▸ **STUDY MATERIAL**:
(* Let $M$ and $M'$ be frame models such that $M'$ is a mutation of $M$ that is stable on a set $X\subseteq U_{\sigma_{\mathsf f}}$ of foreground elements, and let $\nu$ be a variable assignment. Then for every frame-logic formula $\alpha$ with $[\![\mathit{Sp}(\alpha)]\!]_M(\nu)\subseteq X$ we have $M,\nu\models\alpha$ iff $M',\nu\models\alpha$; and for every frame-logic term $t$ with $[\![\mathit{Sp}(t)]\!]_M(\nu)\subseteq X$ we have $[\![t]\!]_{M,\nu}=[\![t]\!]_{M',\nu}$.
   Context: Frame logic (FL). Fix a multi-sorted signature with a finite set $S$ of sorts containing a designated foreground sort $\sigma_{\mathsf f}$ and a background sort $\sigma_{\mathsf{S(f)}}$, a set $C$ of constants, a set $F$ of function symbols (each of a type $\tau_1\times\cdots\times\tau_m\to\tau$), and two disjoint sets of relation symbols: ordinary relations $\mathcal R$ and inductively defined relations $\mathcal I$. The universe of $\sigma_{\mathsf{S(f)}}$ is the powerset of the universe $U_{\sigma_{\mathsf f}}$ of $\sigma_{\mathsf f}$; the only symbols involving $\sigma_{\mathsf{S(f)}}$ are $\in$ (of type $\sigma_{\mathsf f}\times\sigma_{\mathsf{S(f)}}$), $\cup$, $\cap$, complement and $\emptyset$, with their standard meanings. Other background sorts may be constrained by background theories. A subset $F_{\mathsf m}\subseteq F$ of function symbols is declared mutable; each $f\in F_{\mathsf m}$ has at least one argument of sort $\sigma_{\mathsf f}$. Syntax. Guards: $\gamma ::= t=t \mid R(t_1,\dots,t_m)\ (R\in\mathcal R) \mid \gamma\wedge\gamma\mid\neg\gamma\mid \mathit{ite}(\gamma:\gamma,\gamma)\mid \exists y:\gamma.\,\gamma$, where guards contain no terms of sort $\sigma_{\mathsf{S(f)}}$. Formulas: $\varphi ::= t=t\mid R(t_1,\dots,t_m)\ (R\in\mathcal R\cup\mathcal I)\mid \varphi\wedge\varphi\mid\neg\varphi\mid\mathit{ite}(\gamma:\varphi,\varphi)\mid\exists y:\gamma.\,\varphi$. Terms: $t::= c\mid x\mid f(t_1,\dots,t_m)\mid \mathit{ite}(\gamma:t,t)\mid \mathit{Sp}(\varphi)\mid\mathit{Sp}(t)$, the last two (''support expressions'') being of sort $\sigma_{\mathsf{S(f)}}$. Each $R\in\mathcal I$ has a definition $R(\bar x):=\rho_R(\bar x)$, where no argument of $R$ has sort $\sigma_{\mathsf{S(f)}}$ and every occurrence of a relation of $\mathcal I$ in the FL formula $\rho_R$ is under an even number of negations or inside a support expression. Models. A model $M$ gives a universe per sort, interprets constants, functions and relations of $\mathcal R\cup\mathcal I$ (respecting background theories), and maps each support expression $\mathit{Sp}(\varphi)$, $\mathit{Sp}(t)$ to a function from variable assignments to sets of foreground elements. Evaluation is standard; $\mathit{ite}(\gamma:\alpha,\beta)$ holds iff $(\gamma\wedge\alpha)\vee(\neg\gamma\wedge\beta)$; $\exists y:\gamma.\varphi$ holds iff $\exists y.(\gamma\wedge\varphi)$; support expressions are evaluated by the interpretation. Support equations (for all $\nu$, writing $[\![\cdot]\!]$ for $[\![\cdot]\!]_M$): $\mathit{Sp}(c)=\mathit{Sp}(x)=\emptyset$; $[\![\mathit{Sp}(f(t_1..t_n))]\!](\nu)=\bigcup_{i:\,t_i\text{ of sort }\sigma_{\mathsf f}}\{[\![t_i]\!]_{M,\nu}\}\cup\bigcup_i[\![\mathit{Sp}(t_i)]\!](\nu)$ if $f\in F_{\mathsf m}$, and $\bigcup_i[\![\mathit{Sp}(t_i)]\!](\nu)$ otherwise; $\mathit{Sp}(\mathit{Sp}(\varphi))=\mathit{Sp}(\varphi)$, $\mathit{Sp}(\mathit{Sp}(t))=\mathit{Sp}(t)$; $\mathit{Sp}(t_1=t_2)=\mathit{Sp}(t_1)\cup\mathit{Sp}(t_2)$; $\mathit{Sp}(R(\bar t))=\bigcup_i\mathit{Sp}(t_i)$ for $R\in\mathcal R$; for $R\in\mathcal I$, $[\![\mathit{Sp}(R(\bar t))]\!](\nu)=[\![\mathit{Sp}(\rho_R(\bar x))]\!](\nu[\bar x\leftarrow[\![\bar t]\!]_{M,\nu}])\cup\bigcup_i[\![\mathit{Sp}(t_i)]\!](\nu)$; $\mathit{Sp}(\alpha\wedge\beta)=\mathit{Sp}(\alpha)\cup\mathit{Sp}(\beta)$; $\mathit{Sp}(\neg\varphi)=\mathit{Sp}(\varphi)$; $[\![\mathit{Sp}(\mathit{ite}(\gamma:\alpha,\beta))]\!](\nu)=[\![\mathit{Sp}(\gamma)]\!](\nu)\cup[\![\mathit{Sp}(\alpha)]\!](\nu)$ if $M,\nu\models\gamma$ and $[\![\mathit{Sp}(\gamma)]\!](\nu)\cup[\![\mathit{Sp}(\beta)]\!](\nu)$ otherwise (likewise for term-level $\mathit{ite}$); $[\![\mathit{Sp}(\exists y:\gamma.\varphi)]\!](\nu)=\bigcup_{u}[\![\mathit{Sp}(\gamma)]\!](\nu[y\leftarrow u])\cup\bigcup_{u:\,M,\nu[y\leftarrow u]\models\gamma}[\![\mathit{Sp}(\varphi)]\!](\nu[y\leftarrow u])$, $u$ ranging over the domain of $y$. Inductive equations: $[\![R(\bar x)]\!]=[\![\rho_R(\bar x)]\!]$ for $R\in\mathcal I$. Frame models. Two models have the same pre-model if they agree on the universes and on all constants, functions and relations of $\mathcal R$. A model $M$ is a frame model if it satisfies the support equations and the inductive equations, and (1) no model $M''$ with the same pre-model whose support-expression interpretations are pointwise contained in those of $M$, with strict containment for at least one support expression and assignment, satisfies the support equations; and (2) no model $M''$ with the same pre-model and the same support-expression interpretations, whose inductive relations are contained in those of $M$ with at least one strictly smaller, satisfies the inductive equations. Mutations. For models $M,M'$ over the same universe, $M'$ is a mutation of $M$ if they agree on all constants, all relations in $\mathcal R$ and all functions in $F\setminus F_{\mathsf m}$. The mutation is stable on $X\subseteq U_{\sigma_{\mathsf f}}$ if $[\![f]\!]_M(u_1,\dots,u_n)=[\![f]\!]_{M'}(u_1,\dots,u_n)$ for all $f\in F_{\mathsf m}$ and all argument tuples with $\{u_1,\dots,u_n\}\cap X\neq\emptyset$. *)

From Stdlib Require Import List Fin ClassicalEpsilon PeanoNat.

(* Sorts: the foreground sort sigma_f (SF), the background sort
   sigma_{S(f)} = powerset of the foreground universe (SSF), and the other
   sorts of the signature (SB b). *)
Inductive sort (B : Type) : Type := SF | SSF | SB (b : B).
Arguments SF {B}. Arguments SSF {B}. Arguments SB {B} b.

(* Sorts available to user symbols (constants, functions, relations):
   None = sigma_f, Some b = SB b.  No user symbol involves sigma_{S(f)}. *)
Definition emb {B : Type} (o : option B) : sort B :=
  match o with None => SF | Some b => SB b end.

Record signature := {
  bsort : Type;
  bsort_eqdec : forall a b : bsort, {a = b} + {a <> b};
  bsort_finite : exists l : list bsort, forall b, In b l;
  const : Type;
  csort : const -> option bsort;
  func : Type;
  farity : func -> nat;
  farg : forall f, Fin.t (farity f) -> option bsort;
  fres : func -> option bsort;
  fmut : func -> bool;
  fmut_fg : forall f, fmut f = true -> exists i, farg f i = None;
  rel : Type;
  rarity : rel -> nat;
  rarg : forall r, Fin.t (rarity r) -> option bsort;
  irel : Type;
  iarity : irel -> nat;
  iarg : forall r, Fin.t (iarity r) -> option bsort
}.

Section FL.
Context {S : signature}.
Local Notation B := (bsort S).
Definition srt := sort B.

Definition sort_eqdec (s1 s2 : srt) : {s1 = s2} + {s1 <> s2}.
Proof. decide equality. apply bsort_eqdec. Defined.

Inductive var := Var (n : nat) (s : srt).
Definition vsort (x : var) : srt := match x with Var _ s => s end.

Definition var_eqdec (x y : var) : {x = y} + {x <> y}.
Proof. decide equality; first [apply sort_eqdec | apply Nat.eq_dec]. Defined.

(* Intrinsically sorted terms; guards are formulas satisfying [guard]. *)
Inductive term : srt -> Type :=
| TConst (c : const S) : term (emb (csort S c))
| TVar (x : var) : term (vsort x)
| TApp (f : func S) (args : forall i : Fin.t (farity S f), term (emb (farg S f i)))
    : term (emb (fres S f))
| TIte (s : srt) (g : formula) (t1 t2 : term s) : term s
| TSpF (phi : formula) : term SSF
| TSpT (s : srt) (t : term s) : term SSF
| TUnion (a b : term SSF) : term SSF
| TInter (a b : term SSF) : term SSF
| TCompl (a : term SSF) : term SSF
| TEmpty : term SSF
with formula : Type :=
| FEq (s : srt) (t1 t2 : term s)
| FRel (r : rel S) (args : forall i : Fin.t (rarity S r), term (emb (rarg S r i)))
| FIRel (r : irel S) (args : forall i : Fin.t (iarity S r), term (emb (iarg S r i)))
| FMem (a : term SF) (b : term SSF)
| FAnd (a b : formula)
| FNot (a : formula)
| FIte (g a b : formula)
| FEx (y : var) (g a : formula).

Inductive sexpr := SEF (phi : formula) | SET (s : srt) (t : term s).

Fixpoint gterm {s} (t : term s) : Prop :=
  match t with
  | TConst _ => True
  | TVar x => vsort x <> SSF
  | TApp _ args => forall i, gterm (args i)
  | TIte _ g a b => guard g /\ gterm a /\ gterm b
  | _ => False
  end
with guard (phi : formula) : Prop :=
  match phi with
  | FEq _ a b => gterm a /\ gterm b
  | FRel _ args => forall i, gterm (args i)
  | FIRel _ _ => False
  | FMem _ _ => False
  | FAnd a b => guard a /\ guard b
  | FNot a => guard a
  | FIte g a b => guard g /\ guard a /\ guard b
  | FEx _ g a => guard g /\ guard a
  end.

Fixpoint wft {s} (t : term s) : Prop :=
  match t with
  | TConst _ => True
  | TVar _ => True
  | TApp _ args => forall i, wft (args i)
  | TIte _ g a b => guard g /\ wft a /\ wft b
  | TSpF phi => wff phi
  | TSpT _ t => wft t
  | TUnion a b => wft a /\ wft b
  | TInter a b => wft a /\ wft b
  | TCompl a => wft a
  | TEmpty => True
  end
with wff (phi : formula) : Prop :=
  match phi with
  | FEq _ a b => wft a /\ wft b
  | FRel _ args => forall i, wft (args i)
  | FIRel _ args => forall i, wft (args i)
  | FMem a b => wft a /\ wft b
  | FAnd a b => wff a /\ wff b
  | FNot a => wff a
  | FIte g a b => guard g /\ wff a /\ wff b
  | FEx _ g a => guard g /\ wff a
  end.

Definition wfe (e : sexpr) : Prop :=
  match e with SEF phi => wff phi | SET _ t => wft t end.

▸ **YOUR INSTRUCTIONS**:
Transcribe each line of the data above, unaltered, from the one where "TSpF phi => wff phi" appears to the one where "FEq _ a b => wft" appears, inclusive of both.

▸ **WORKED SOLUTION**:
  | TSpF phi => wff phi
  | TSpT _ t => wft t
  | TUnion a b => wft a /\ wft b
  | TInter a b => wft a /\ wft b
  | TCompl a => wft a
  | TEmpty => True
  end
with wff (phi : formula) : Prop :=
  match phi with
  | FEq _ a b => wft a /\ wft b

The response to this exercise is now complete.